**Instructions for the task:** Of the entries below, return exactly those lines that fall between the one containing "Lemma foldr_max_nat (c" and the one containing "set bs := [seq P i | i <- enum 'I_N].", the two end lines included.

Raw data START

(* Let $\mathbf x^{(1)},\dots,\mathbf x^{(M)}\in\mathbb R^s$ be pairwise distinct covering templates. Consider ReLU activation with max pooling ($\sigma(z)=\max\{0,z\}$, $P=\max$). Then the shallow ConvNet is universal: for every output index $y$ and every tensor $\mathcal A\in\mathbb R^{M\times\cdots\times M}$ of order $N$, there exist a number of hidden channels $Z$, representation functions $f_{\theta_1},\dots,f_{\theta_M}\in\mathcal F$ and weights $\{\mathbf a^{z,i}\}$, $\mathbf a^y$ such that the grid tensor satisfies $\mathcal A(h^S_y)=\mathcal A$. The same holds for the deep ConvNet (for suitable channel numbers $r_0,\dots,r_{L-1}$, representation functions in $\mathcal F$ and weights), i.e. the deep ConvNet with ReLU activation and max pooling is universal as well.
   Context: Inputs are $X=(\mathbf x_1,\dots,\mathbf x_N)\in(\mathbb R^s)^N$ ($N$ ''patches''). Representation functions are taken from a parametric family $\mathcal F=\{f_\theta:\mathbb R^s\to\mathbb R:\theta\in\Theta\}$ assumed throughout to satisfy: (continuity) $f_\theta(\mathbf x)$ is continuous with respect to both $\theta$ and $\mathbf x$; (non-degeneracy) for any pairwise distinct $\mathbf x^{(1)},\dots,\mathbf x^{(M)}\in\mathbb R^s$ there exist $f_{\theta_1},\dots,f_{\theta_M}\in\mathcal F$ such that the matrix $F\in\mathbb R^{M\times M}$ with $F_{i,d}=f_{\theta_d}(\mathbf x^{(i)})$ is non-singular. Shallow ConvNet with activation $\sigma$, pooling $P$ and $Z$ hidden channels: given $f_{\theta_1},\dots,f_{\theta_M}\in\mathcal F$, weights $\mathbf a^{z,i}\in\mathbb R^M$ ($z\in[Z]$, $i\in[N]$) and output weights $\mathbf a^y\in\mathbb R^Z$, its $y$-th score function is $h^S_y(X)=\sum_{z=1}^Z a^y_z\, P_{i\in[N]}\Big(\sigma\big(\sum_{d=1}^M a^{z,i}_d f_{\theta_d}(\mathbf x_i)\big)\Big)$, where $P$ is applied to the $N$ values indexed by $i$. Deep ConvNet ($N=2^L$, $L\ge1$) with channel numbers $r_0,\dots,r_{L-1}$: given $f_{\theta_1},\dots,f_{\theta_M}\in\mathcal F$, weights $\mathbf a^{0,j,\gamma}\in\mathbb R^M$ ($j\in[N],\gamma\in[r_0]$), $\mathbf a^{l,j,\gamma}\in\mathbb R^{r_{l-1}}$ ($l\in[L-1]$, $j\in[N/2^l]$, $\gamma\in[r_l]$), and $\mathbf a^{L,1,y}\in\mathbb R^{r_{L-1}}$, set $u^0_{j,\gamma}=\sigma(\sum_{d}a^{0,j,\gamma}_d f_{\theta_d}(\mathbf x_j))$, and for $l=0,\dots,L-1$: $v^l_{j,\gamma}=P(u^l_{2j-1,\gamma},u^l_{2j,\gamma})$ for $j\in[N/2^{l+1}]$, and (for $l\ge1$) $u^l_{j,\gamma}=\sigma(\sum_{\alpha=1}^{r_{l-1}}a^{l,j,\gamma}_\alpha v^{l-1}_{j,\alpha})$ for $j\in[N/2^l]$, $\gamma\in[r_l]$. The score function is $h^D_y(X)=\sum_{\alpha=1}^{r_{L-1}}a^{L,1,y}_\alpha v^{L-1}_{1,\alpha}$. Templates and grid tensors: for templates $\mathbf x^{(1)},\dots,\mathbf x^{(M)}\in\mathbb R^s$, the grid tensor of a function $h:(\mathbb R^s)^N\to\mathbb R$ is the order-$N$ tensor $\mathcal A(h)\in\mathbb R^{M\times\cdots\times M}$ with $\mathcal A(h)_{d_1,\dots,d_N}=h(\mathbf x^{(d_1)},\dots,\mathbf x^{(d_N)})$. Templates are called covering if score functions are identified whenever their grid tensors with respect to these templates coincide (values outside the grid are irrelevant for classification); a network is universal if (w.r.t. covering templates) every tensor is the grid tensor of some score function it realizes. *)

From HB Require Import structures.
From mathcomp Require Import all_boot all_order all_algebra.
From mathcomp Require Import all_classical all_reals topology normedtype.
Set Implicit Arguments. Unset Strict Implicit. Unset Printing Implicit Defensive.
Import Order.TTheory GRing.Theory Num.Theory.
Import numFieldNormedType.Exports.
Local Open Scope ring_scope.

Section Defs.
Variable R : realType.

Definition relu (z : R) : R := Num.max 0 z.

(* max pooling over the N values v 0, ..., v (N-1) (N >= 1 in use) *)
Definition maxpool (N : nat) (v : 'I_N -> R) : R :=
  let s := [seq v i | i <- enum 'I_N] in foldr Num.max (head 0 s) s.

Definition fam_continuous (Theta : topologicalType) (s : nat)
  (f : Theta -> 'rV[R]_s -> R) : Prop :=
  continuous (fun p : Theta * 'rV[R]_s => f p.1 p.2).

Definition fam_nondegenerate (Theta : Type) (s : nat)
  (f : Theta -> 'rV[R]_s -> R) : Prop :=
  forall (M : nat) (x : 'I_M -> 'rV[R]_s), injective x ->
    exists th : 'I_M -> Theta,
      (\matrix_(i < M, d < M) f (th d) (x i)) \in unitmx.

Definition shallow_score (Theta : Type) (s M N Z : nat)
  (f : Theta -> 'rV[R]_s -> R) (th : 'I_M -> Theta)
  (a : 'I_Z -> 'I_N -> 'I_M -> R) (ay : 'I_Z -> R)
  (X : 'I_N -> 'rV[R]_s) : R :=
  \sum_(z < Z) ay z *
     maxpool (fun i : 'I_N => relu (\sum_(d < M) a z i d * f (th d) (X i))).

(* Deep ConvNet (0-based indices: the paper's patch j, pair (2j-1,2j)
   become j, pair (2j, 2j+1)).  r l = r_l channel numbers;
   a0 j g d = a^{0,j,g}_d ; al l j g al' = a^{l,j,g}_{al'} (l >= 1) ;
   aL al' = a^{L,1,y}_{al'}.  Patches are indexed by nat; X j = x_{j+1}. *)
Section Deep.
Variables (Theta : Type) (s M : nat) (f : Theta -> 'rV[R]_s -> R)
  (th : 'I_M -> Theta) (r : nat -> nat)
  (a0 : nat -> nat -> nat -> R) (al : nat -> nat -> nat -> nat -> R)
  (X : nat -> 'rV[R]_s).

Fixpoint deep_u (l j g : nat) : R :=
  match l with
  | 0 => relu (\sum_(d < M) a0 j g d * f (th d) (X j))
  | l'.+1 => relu (\sum_(b < r l')
       al l j g b * Num.max (deep_u l' (2 * j) b) (deep_u l' (2 * j + 1) b))
  end.

Definition deep_v (l j g : nat) : R :=
  Num.max (deep_u l (2 * j) g) (deep_u l (2 * j + 1) g).

Definition deep_score_nat (L : nat) (aL : nat -> R) : R :=
  \sum_(b < r L.-1) aL b * deep_v L.-1 0 b.
End Deep.

Definition deep_score (Theta : Type) (s M L : nat) (f : Theta -> 'rV[R]_s -> R)
  (th : 'I_M -> Theta) (r : nat -> nat)
  (a0 : nat -> nat -> nat -> R) (al : nat -> nat -> nat -> nat -> R)
  (aL : nat -> R) (X : 'I_(2 ^ L) -> 'rV[R]_s) : R :=
  deep_score_nat f th r a0 al
    (fun j => if insub j is Some k then X k else 0) L aL.

End Defs.

From HB Require Import structures.
From mathcomp Require Import all_boot all_order all_algebra.
From mathcomp Require Import all_classical all_reals topology normedtype.
From mathcomp Require Import zify.
Import Order.TTheory GRing.Theory Num.Theory.
Import numFieldNormedType.Exports.
Set Implicit Arguments. Unset Strict Implicit. Unset Printing Implicit Defensive.
Local Open Scope ring_scope.

(* By non-degeneracy the representation layer can put any prescribed values
   on the templates, so every patch can be sent to a 0/1 indicator, which
   ReLU leaves unchanged and max pooling turns into a disjunction over the
   patches.  For each grid index e a hidden channel fires iff the input index
   d differs from e somewhere; together with a constant channel, the output
   weights sum_e A e for the constant channel and - A e for channel e give
   sum_e A e - sum_(e != d) A e = A d.  In the deep network the layers above
   the first merely route channel g to channel g, so the tree of poolings
   computes the same disjunction over all patches. *)

Lemma sum_option (R : nmodType) (T : finType) (F : option T -> R) :
  \sum_(e : option T) F e = F None + \sum_(e : T) F (Some e).
Proof.
rewrite (bigD1 None) //= (reindex_omap Some id) => [|[]//].
by congr (_ + _); apply: eq_bigl => e; rewrite eqxx.
Qed.

Lemma sum_mul_neq (R : pzRingType) (T : finType) (A : T -> R) (t : T) :
  \sum_(e : T) A e * (e != t)%:R = \sum_(e : T) A e - A t.
Proof.
rewrite [in RHS](bigD1 t) //= addrC addrK (bigD1 t) //= eqxx mulr0 add0r.
by apply: eq_bigr => e ->; rewrite mulr1.
Qed.

Lemma has_insub_iota n (Q : pred 'I_n) :
  has (fun j => oapp Q false (insub j)) (iota 0 n) = [exists i, Q i].
Proof.
apply/hasP/existsP => [[j _]|[i Qi]]; first by case: insub => [i Qi|//]; exists i.
by exists (val i); rewrite ?mem_iota ?ltn_ord //= valK.
Qed.

Section Indicators.
Variable R : realType.

Lemma relu_nat (b : bool) : relu (b%:R : R) = b%:R.
Proof. by rewrite /relu max_r ?ler0n. Qed.

Lemma max_nat (a b : bool) : Num.max (a%:R : R) b%:R = (a || b)%:R.
Proof.
by case: a; case: b; rewrite /= ?maxxx //; [apply: max_l | apply: max_r]; exact: ler01.
Qed.

Lemma foldr_max_nat (c : bool) (bs : seq bool) :
  foldr Num.max (c%:R : R) [seq b%:R | b : bool <- bs] = (c || has id bs)%:R.
Proof.
elim: bs => [|b bs IH] /=; first by rewrite orbF.
by rewrite IH max_nat orbCA.
Qed.

Lemma maxpool_nat N (P : pred 'I_N) :
  maxpool (fun i => (P i)%:R : R) = [exists i, P i]%:R.
Proof.
rewrite /maxpool (map_comp (fun b : bool => b%:R : R) P).
set bs := [seq P i | i <- enum 'I_N].
have -> : head 0 [seq b%:R : R | b : bool <- bs] = (head false bs)%:R by case: bs.
rewrite foldr_max_nat; congr (nat_of_bool _)%:R.
have -> : head false bs || has id bs = has id bs by case: bs => //= b bs; rewrite orbA orbb.
by rewrite has_map; apply/hasP/existsP => [[i]|[i Pi]]; [exists i | exists i; rewrite ?mem_enum].
Qed.

Lemma max_tree_nat (U : nat -> nat -> R) (P : pred nat) :
  (forall j, U 0 j = (P j)%:R) ->
  (forall l j, U l.+1 j = Num.max (U l (2 * j)) (U l (2 * j + 1))) ->
  forall l j, U l j = (has P (iota (j * 2 ^ l) (2 ^ l)))%:R.
Proof.
move=> U0 US; elim=> [|l IH] j; first by rewrite U0 muln1 /= orbF.
rewrite US !IH max_nat -has_cat.
have -> : ((2 * j + 1) * 2 ^ l = 2 * j * 2 ^ l + 2 ^ l)%N by lia.
rewrite -iotaD expnS.
by congr (nat_of_bool (has _ (iota _ _)))%:R; lia.
Qed.

End Indicators.

Lemma nondegenerate_interpolation (R : realType) (Theta : Type) s
    (f : Theta -> 'rV[R]_s -> R) M (xt : 'I_M -> 'rV[R]_s) :
  fam_nondegenerate f -> injective xt ->
  exists (th : 'I_M -> Theta) (c : ('I_M -> R) -> 'I_M -> R),
    forall g k, \sum_(d < M) c g d * f (th d) (xt k) = g k.
Proof.
move=> Hnd Hxt; have [th HF] := Hnd M xt Hxt.
set F := \matrix_(i < M, d < M) f (th d) (xt i).
exists th, (fun g d => (invmx F *m \col_j g j) d 0) => g k.
move/matrixP/(_ k 0): (mulKVmx HF (\col_j g j)); rewrite !mxE => <-.
by apply: eq_bigr => d _; rewrite mulrC; congr (_ * _); rewrite mxE.
Qed.

Section Detectors.
Variables (R : realType) (N M : nat).

Definition detector (e : option {ffun 'I_N -> 'I_M}) (i : 'I_N) (k : 'I_M) : bool :=
  if e is Some e then k != e i else true.

Definition detector_weight (A : ('I_N -> 'I_M) -> R) (e : option {ffun 'I_N -> 'I_M}) : R :=
  if e is Some e then - A e else \sum_(e : {ffun 'I_N -> 'I_M}) A e.

Lemma sum_detectors A (d : 'I_N -> 'I_M) : (0 < N)%N ->
  \sum_(e : option {ffun 'I_N -> 'I_M})
     detector_weight A e * [exists i, detector e i (d i)]%:R = A d.
Proof.
move=> HN; rewrite sum_option /= (existsb (Ordinal HN)) //= mulr1.
set fd := [ffun i => d i].
have Efd : A fd = A d by congr A; apply: funext => i; rewrite ffunE.
have mismatch (e : {ffun 'I_N -> 'I_M}) : [exists i, detector (Some e) i (d i)] = (e != fd).
  rewrite -negb_forall; congr (~~ _); apply/forallP/eqP => [Hde|-> i]; last by rewrite ffunE.
  by apply/ffunP => i; rewrite ffunE; apply/esym/eqP.
under [X in _ + X]eq_bigr => e _ do rewrite mismatch mulNr.
by rewrite sumrN sum_mul_neq opprB addrC subrK Efd.
Qed.

End Detectors.

Section Networks.
Variables (R : realType) (Theta : Type) (s M : nat) (f : Theta -> 'rV[R]_s -> R).
Variables (xt : 'I_M -> 'rV[R]_s) (th : 'I_M -> Theta) (c : ('I_M -> R) -> 'I_M -> R).
Hypothesis interp : forall g k, \sum_(d < M) c g d * f (th d) (xt k) = g k.

Definition nchannels N := #|{: option {ffun 'I_N -> 'I_M}}|.

Definition detector_coef N (z : 'I_(nchannels N)) (i : 'I_N) : 'I_M -> R :=
  c (fun k => (detector (enum_val z) i k)%:R).

Definition readout N (A : ('I_N -> 'I_M) -> R) (z : 'I_(nchannels N)) : R :=
  detector_weight A (enum_val z).

Lemma shallow_detectors_realize N (A : ('I_N -> 'I_M) -> R) (d : 'I_N -> 'I_M) :
  (0 < N)%N ->
  shallow_score f th (@detector_coef N) (readout A) (fun i => xt (d i)) = A d.
Proof.
move=> HN; rewrite -(sum_detectors A d HN) (big_enum_val _ (A := {: option _})) /=.
apply: eq_bigr => z _; congr (_ * _).
under eq_fun => i do rewrite interp relu_nat.
exact: maxpool_nat.
Qed.

Section Deep.
Variable L : nat.
Local Notation N := (2 ^ L.+1)%N.

Definition deep_coef (j g k : nat) : R :=
  match insub j, insub g, insub k with
  | Some i, Some z, Some k => @detector_coef N z i k
  | _, _, _ => 0
  end.

Definition deep_routing (l j g b : nat) : R := (b == g)%:R.

Definition deep_readout (A : ('I_N -> 'I_M) -> R) (b : nat) : R :=
  if insub b is Some z then readout A z else 0.

Variable X : nat -> 'rV[R]_s.
Local Notation u := (deep_u f th (fun=> nchannels N) deep_coef deep_routing X).

Lemma deep_u_ge0 l j g : 0 <= u l j g.
Proof. by case: l => [|l]; rewrite /= /relu le_max lexx. Qed.

Lemma deep_u_routing l j (g : 'I_(nchannels N)) :
  u l.+1 j g = Num.max (u l (2 * j) g) (u l (2 * j + 1) g).
Proof.
rewrite /= (bigD1 g) //= /deep_routing eqxx mul1r big1 ?addr0.
  by rewrite /relu max_r // le_max deep_u_ge0.
by move=> b /negbTE; rewrite -val_eqE => ->; rewrite mul0r.
Qed.

Lemma deep_u_leaf (d : 'I_N -> 'I_M) (g : 'I_(nchannels N)) j :
  X j = (if insub j is Some i then xt (d i) else 0) ->
  u 0 j g = (oapp (fun i => detector (enum_val g) i (d i)) false (insub j))%:R.
Proof.
rewrite /= /deep_coef valK; case: insub => [i ->|_] /=.
  by under eq_bigr => k _ do rewrite valK; rewrite interp relu_nat.
by rewrite big1 /relu ?maxxx // => k _; rewrite mul0r.
Qed.

Lemma deep_u_detects (d : 'I_N -> 'I_M) (g : 'I_(nchannels N)) :
  (forall j, X j = if insub j is Some i then xt (d i) else 0) ->
  forall l j, u l j g = (has (fun k => oapp (fun i => detector (enum_val g) i (d i)) false
                                           (insub k))
                           (iota (j * 2 ^ l) (2 ^ l)))%:R.
Proof.
by move=> HX; apply: max_tree_nat => [j|l j]; [exact: deep_u_leaf | exact: deep_u_routing].
Qed.

End Deep.

Lemma deep_detectors_realize L (A : ('I_(2 ^ L.+1) -> 'I_M) -> R) d :
  deep_score f th (fun=> nchannels (2 ^ L.+1)) (@deep_coef L) deep_routing
    (deep_readout A) (fun i => xt (d i)) = A d.
Proof.
rewrite -(sum_detectors A d (expn_gt0 2 L.+1)) (big_enum_val _ (A := {: option _})) /=.
apply: eq_bigr => g _; rewrite /deep_readout valK; congr (_ * _).
by rewrite /deep_v -deep_u_routing (deep_u_detects (d := d)) // mul0n has_insub_iota.
Qed.

End Networks.

Theorem claim4 (R : realType) (Theta : topologicalType) (s : nat)
  (f : Theta -> 'rV[R]_s -> R)
  (Hcont : fam_continuous f) (Hnd : fam_nondegenerate f)
  (M : nat) (xt : 'I_M -> 'rV[R]_s) (Hdist : injective xt) :
  (forall (N : nat), (0 < N)%N ->
     forall A : ('I_N -> 'I_M) -> R,
     exists (Z : nat) (th : 'I_M -> Theta)
            (a : 'I_Z -> 'I_N -> 'I_M -> R) (ay : 'I_Z -> R),
       forall d : 'I_N -> 'I_M,
         shallow_score f th a ay (fun i => xt (d i)) = A d)
  /\
  (forall (L : nat), (0 < L)%N ->
     forall A : ('I_(2 ^ L) -> 'I_M) -> R,
     exists (r : nat -> nat) (th : 'I_M -> Theta)
            (a0 : nat -> nat -> nat -> R) (al : nat -> nat -> nat -> nat -> R)
            (aL : nat -> R),
       forall d : 'I_(2 ^ L) -> 'I_M,
         deep_score f th r a0 al aL (fun i => xt (d i)) = A d).
Proof.
have [th [c interp]] := nondegenerate_interpolation Hnd Hdist.
split=> [N HN A | [//|L] _ A].
  exists (nchannels M N), th, (detector_coef c (N := N)), (readout A) => d.
  exact: shallow_detectors_realize.
exists (fun=> nchannels M (2 ^ L.+1)), th, (deep_coef c L), (@deep_routing R),
  (deep_readout A) => d.
exact: deep_detectors_realize.
Qed.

Raw data END

**Finished task:**
Lemma foldr_max_nat (c : bool) (bs : seq bool) :
  foldr Num.max (c%:R : R) [seq b%:R | b : bool <- bs] = (c || has id bs)%:R.
Proof.
elim: bs => [|b bs IH] /=; first by rewrite orbF.
by rewrite IH max_nat orbCA.
Qed.

Lemma maxpool_nat N (P : pred 'I_N) :
  maxpool (fun i => (P i)%:R : R) = [exists i, P i]%:R.
Proof.
rewrite /maxpool (map_comp (fun b : bool => b%:R : R) P).
set bs := [seq P i | i <- enum 'I_N].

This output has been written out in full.